При подведении итогов представляется необходимым отметить следующее: взаимонепонимание иудеев с языческим окружением лишь в принципе было универсальным, но никогда не было фатальным, и лишь в отдельных случаях оно переходило в настоящий конфликт и межэтническую напряженность. В основе этого взаимо-непонимания лежало желание иудеев обеспечить самих себя возможностью жить по законам предков. Однако же реализация этого желания в полной мере в общинах диаспоры автоматически ставила бы иудеев вне того общества, в рамках которого они жили. Дело в том, что полное удовлетворение требований иудеев означало бы для них в реальных условиях общества того времени жизнь с максимумом льгот и с минимумом обязанностей или даже вовсе без них. С греческой точки зрения - как и с точки зрения любого здравомыслящего человека любого времени - подобное невозможно, а выдвижение подобных требований абсурдно.
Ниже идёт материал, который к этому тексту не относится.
(* There is a deterministic sorting algorithm with error $2$ that, given $n$ elements, uses at most $4 n^{3/2}$ comparisons; that is, it outputs a $2$-sorted ordering of the elements.
   Context: Model of imprecise comparisons: there are $n$ elements, each with a fixed unknown real value; we identify an element with its value. Asked to compare $x_i$ and $x_j$, the comparator answers either ''$x_i \ge x_j$'' or ''$x_j \ge x_i$''. If $|x_i-x_j|>1$ the answer is correct; if $|x_i-x_j|\le 1$ the answer is arbitrary (possibly adversarial and adaptive). An ordering $x_{\pi(1)},\dots,x_{\pi(n)}$ is $k$-sorted if $x_{\pi(i)} \ge x_{\pi(j)} - k$ for every $i>j$. Comparison bounds are worst case over inputs and comparator behaviours. *)

From HB Require Import structures.
From mathcomp Require Import all_boot all_order all_algebra all_fingroup.
From mathcomp Require Import reals.
Set Implicit Arguments. Unset Strict Implicit. Unset Printing Implicit Defensive.
Import Order.TTheory GRing.Theory Num.Theory.
Local Open Scope ring_scope.

(* A deterministic comparison algorithm on n elements (indexed by 'I_n) is a
   finite decision tree.  [Node i j t1 t2] asks the comparator to compare
   x_i and x_j; the answer "x_i >= x_j" continues with t1, the answer
   "x_j >= x_i" continues with t2.  A [Leaf p] outputs the ordering
   x_{p 0}, x_{p 1}, ..., x_{p (n-1)}. *)
Inductive dtree (n : nat) : Type :=
  | Leaf of {perm 'I_n}
  | Node of 'I_n & 'I_n & dtree n & dtree n.

(* [run x t c p] : on input values x, for some behaviour of the imprecise
   comparator (an answer is forced to be correct only when the two values
   differ by more than 1; otherwise arbitrary / adversarial / adaptive),
   the algorithm t performs exactly c comparisons and outputs p. *)
Inductive run (R : realType) (n : nat) (x : 'I_n -> R) :
    dtree n -> nat -> {perm 'I_n} -> Prop :=
  | run_leaf (p : {perm 'I_n}) : run x (Leaf p) 0 p
  | run_ge (i j : 'I_n) (t1 t2 : dtree n) (c : nat) (p : {perm 'I_n}) :
      ~ (x j - x i > 1) -> run x t1 c p -> run x (Node i j t1 t2) c.+1 p
  | run_le (i j : 'I_n) (t1 t2 : dtree n) (c : nat) (p : {perm 'I_n}) :
      ~ (x i - x j > 1) -> run x t2 c p -> run x (Node i j t1 t2) c.+1 p.

Definition ksorted (R : realType) (n : nat) (k : R) (x : 'I_n -> R)
    (p : {perm 'I_n}) : Prop :=
  forall a b : 'I_n, (b < a)%N -> x (p b) - k <= x (p a).

From mathcomp Require Import all_boot all_order all_algebra all_fingroup.
From mathcomp Require Import reals.
From mathcomp Require Import ring lra zify.
Set Implicit Arguments. Unset Strict Implicit. Unset Printing Implicit Defensive.
Import Order.TTheory GRing.Theory Num.Theory.

(** Quicksort with a well-chosen pivot, never repeating a comparison.  With
    q = floor(sqrt(n)/3), a round-robin tournament among the first 4q+1
    elements S of the current list yields a pivot v with at least q wins and q
    losses inside S.  Comparing v with everything splits the list into the
    elements z answered "x_v >= x_z" (so x_z <= x_v + 1) and those answered
    "x_z >= x_v" (so x_v <= x_z + 1); sorting both parts recursively and
    concatenating them around v gives a 2-sorted order.  Both parts keep the
    order of the list, so each begins with its share of S, of sizes r and
    4q - r with r, 4q - r >= q, and these shares are already compared
    pairwise: the next two tournaments save C(r,2) + C(4q-r,2) >= 4q^2 - 2q of
    their comparisons.  This saving makes
    m^2/(2q+2) + 5qm - 4q(q-1) - C(r,2) an upper bound for the cost on m
    elements whose first r are compared pairwise, and for 9q^2 <= n < 9(q+1)^2
    its value at (n, 0) is below 4 n^(3/2). *)

Section Tournament.
Variables (T : eqType) (beats : rel T).

Definition balanced q (S : seq T) v := (q <= count (beats v) S) && (q <= count (beats^~ v) S).

Lemma count_sum (a : pred T) s : count a s = \sum_(z <- s) a z.
Proof. by elim: s => [|z s IH]; rewrite ?big_nil ?big_cons //= IH. Qed.

Lemma total_sum_wins L : uniq L ->
  {in L &, forall u w, u != w -> beats u w || beats w u} ->
  size L * (size L).-1 <= 2 * \sum_(u <- L) count (beats u) L.
Proof.
elim: L => [|w L IH] //= /andP[wL uL] tot.
have totL : {in L &, forall u v, u != v -> beats u v || beats v u}.
  by move=> u v hu hv; apply: tot; rewrite inE ?hu ?hv orbT.
have pair_wins : size L <= count (beats w) L + \sum_(u <- L) beats u w.
  rewrite count_sum -big_split -sum1_size big_seq_cond [X in _ <= X]big_seq_cond.
  apply: leq_sum => u /andP[hu _].
  have nwu : w != u by apply: contraNneq wL => ->.
  have hu' : u \in w :: L by rewrite inE hu orbT.
  by move: (tot w u (mem_head _ _) hu' nwu); case: (beats w u); case: (beats u w).
have := IH uL totL; rewrite big_cons /=.
have -> : \sum_(u <- L) count (beats u) (w :: L) =
          \sum_(u <- L) beats u w + \sum_(u <- L) count (beats u) L.
  by rewrite -big_split.
move: pair_wins; case: (size L) => [|s] /=; nia.
Qed.

Lemma size_few_wins L q : uniq L ->
  {in L &, forall u w, u != w -> beats u w || beats w u} ->
  {in L, forall u, count (beats u) L < q} -> size L <= 2 * q.
Proof.
move=> uL tot few; have := total_sum_wins uL tot.
have : \sum_(u <- L) (count (beats u) L).+1 <= \sum_(u <- L) q.
  by rewrite !big_seq; apply: leq_sum => u /few.
rewrite big_const_seq iter_addn_0 count_predT.
under eq_bigr do rewrite -addn1.
rewrite big_split /= -sum1_size; case: (size L) => [|s] /=; nia.
Qed.

Lemma size_filter_few_wins S q : uniq S ->
  {in S &, forall u w, u != w -> beats u w || beats w u} ->
  size [seq u <- S | count (beats u) S < q] <= 2 * q.
Proof.
move=> uS tot; apply: size_few_wins; first exact: filter_uniq.
  by move=> u w; rewrite !mem_filter => /andP[_ hu] /andP[_ hw]; apply: tot.
move=> u; rewrite mem_filter => /andP[few _]; apply: leq_ltn_trans few.
by rewrite count_filter; apply: sub_count => z /andP[].
Qed.
Lemma balanced_factorization (R : realType) L D (w : 'rV[R]_D) :
  (0 < L)%N -> (0 < D)%N ->
  exists u : 'I_L -> 'rV[R]_D, Pconv u = w /\
    forall l m, normc (dft (crow (u l)) m) = dft_abs w m `^ (L%:R^-1).
Proof.
case: L => [//|n] _ D_gt0.
pose r m := dft_abs w m `^ (n.+1%:R^-1).
pose W := dft (crow w).
(* All factors get modulus [|w^|^(1/L)]; factor 0 also carries the phase of [w^]. *)
pose U (l : 'I_n.+1) m := if l == ord0 then W m / (r m ^+ n)%:C else (r m)%:C.
have r_ge0 m : 0 <= r m by apply: powR_ge0.
have norm_W m : normc (W m) = r m ^+ n.+1.
  by rewrite -dft_absE expr_powRK //; apply: sqrtr_ge0.
have split_W m := normc_divr_exprS (r_ge0 m) (norm_W m).
have herm_U l : hermitian D_gt0 (U l).
  have r_opp m : r (ord_opp D_gt0 m) = r m.
    by rewrite /r !dft_absE dft_crow_hermitian normc_conj.
  move=> m; rewrite /U r_opp; case: ifP => _; last by rewrite conjc_real.
  rewrite fmorph_div /W dft_crow_hermitian; congr (_ / _); exact: (esym (conjc_real _)).
pose u l := real_idft (U l).
have dft_u l : dft (crow (u l)) = U l := dft_real_idft (herm_U l).
exists u; split=> [|l m]; last first.
  by rewrite dft_u /U; case: ifP => _; [case: (split_W m) | rewrite normc_real].
apply: crow_inj; apply: (can_inj (dftK D_gt0)); apply/funext => m.
rewrite dft_Pconv // big_ord_recl dft_u /U eqxx.
under eq_bigr => i _ do rewrite dft_u /U eq_sym (negbTE (neq_lift ord0 i)).
by rewrite prodr_const card_ord -rmorphXn; case: (split_W m).
Qed.

Unset Implicit Arguments.

Theorem lemma4 (R : realType) (L D : nat) (hL : (1 <= L)%N) (hD : (1 <= D)%N)
  (w : 'rV[R]_D) :
  (exists u : 'I_L -> 'rV[R]_D,
      Pconv u = w /\ sqnorm u = L%:R * quasinorm_pow w (2 / L%:R)) /\
  (forall u : 'I_L -> 'rV[R]_D,
      Pconv u = w -> L%:R * quasinorm_pow w (2 / L%:R) <= sqnorm u).
Proof.
split; last first.
  move=> u <-; rewrite (sqnorm_dft _ hD) /quasinorm_pow mulr_sumr.
  by apply: ler_sum => m _; apply: dft_Pconv_lower_bound.
have [u [Pconv_u normc_u]] := balanced_factorization w hL hD.
exists u; split=> //; rewrite (sqnorm_dft _ hD) /quasinorm_pow mulr_sumr.
apply: eq_bigr => m _; under eq_bigr do rewrite normc_u sqr_powR_invn.
by rewrite sumr_const card_ord [RHS]mulr_natl.
Qed.
Theorem theorem4p3 (d n : nat) (a : nat -> vecZ)
  (Ha_prim : forall i, (i < n)%nat -> primitive_vec d (a i))
  (Ha_dist : forall i j, (i < n)%nat -> (j < n)%nat -> i <> j ->
               exists k, (k < d)%nat /\ a i k <> a j k)
  (D : R -> Prop)
  (HD_pos : forall s, D s -> 0 < s)
  (HD_dense : forall u v, 0 <= u -> u < v -> exists s, D s /\ u < s /\ s < v)
  (f : vecZ -> R -> R)
  (b b' : nat -> R) :
  admissible d n a D f b -> admissible d n a D f b' ->
  forall i, (i < n)%nat -> b i = b' i.
Proof.
  intros Hb Hb' i Hi. apply Rle_antisym.
  - exact (admissible_le d n a D f b' b HD_pos HD_dense Hb' Hb i Hi).
  - exact (admissible_le d n a D f b b' HD_pos HD_dense Hb Hb' i Hi).
Qed.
Однако же в абсолютном большинстве регионов Римской империи отмеченные требования иудеев игнорировались, что, вероятнее всего, означает либо малочисленность иудейских общин, запросы которых общество могло позволить себе оставлять без внимания, либо особый статус иудейских общин, как бы "устранявший" такого рода проблемы[66].
Возможен, наконец, третий вариант объяснения. Не исключено, что в отдельных случаях иудеи и не выдвигали никаких требований, способных вызвать раздражение у представителей окружающего общества, предпочитая договоренности. У нас нет возможности точно определить, сколь велико могло быть количество тех, кто был настроен на компромисс. На наш взгляд, все же неправомерно a priori заявлять, что таковых было мало[67].
Если бы это было так, то римско-иудейский конфликт в конце республики и в первые десятилетия принципата был бы всеобщим и охватывал бы все регионы государства, перерастая в своего рода "еврейский вопрос", подобный тому, с которым столкнулась Европа в Новое и Новейшее время. Однако необходимо считаться с тем, что ничего этого в языческом римском обществе не было. Иными словами, в целом в римском государстве количество иудеев, готовых ради соблюдения всех предписаний веры пойти на конфликт с обществом, было не столь уж велико, а у языческого общества в конечном счете не было никаких оснований для систематического преследования адептов иудаизма. Большинство иудеев - особенно в диаспоре - предпочитали решать этот действительно фундаментальный для себя вопрос с помощью обходных путей и всяческих компромиссов.
С другой стороны, рассмотренный материал позволяет, в принципе, говорить о толерантности античного языческого общества по отношению к иудеям[68]. Она очевидна, но своеобразна и требует весьма осмотрительного к себе подхода. Действительно, императоры и высшие чиновники отвечали на петиции иудеев благосклонно. Однако ни один закон, определяющий эту толерантность общества по отношению к иудеям, не является общегосударственным. Это не более чем рескрипты по одному конкретному вопросу, относящиеся к делам одного конкретного поселения.
Иными словами, решения, касающиеся иудеев Смирны, не распространяются автоматически на иудеев, живущих, к примеру, в Эфесе. У последних, правда, оставалась небезосновательная надежда на то, что в случае их собственной петиции к императору принцепс отреагирует аналогичным образом. Это в сочетании с подтверждаемым в каждом документе правом жить по законам предков и стало, судя по всему[69], основой взаимоприемлемого компромисса, который позволил избежать в Малой Азии столкновений, волнений и восстаний в городах с многонациональным населением.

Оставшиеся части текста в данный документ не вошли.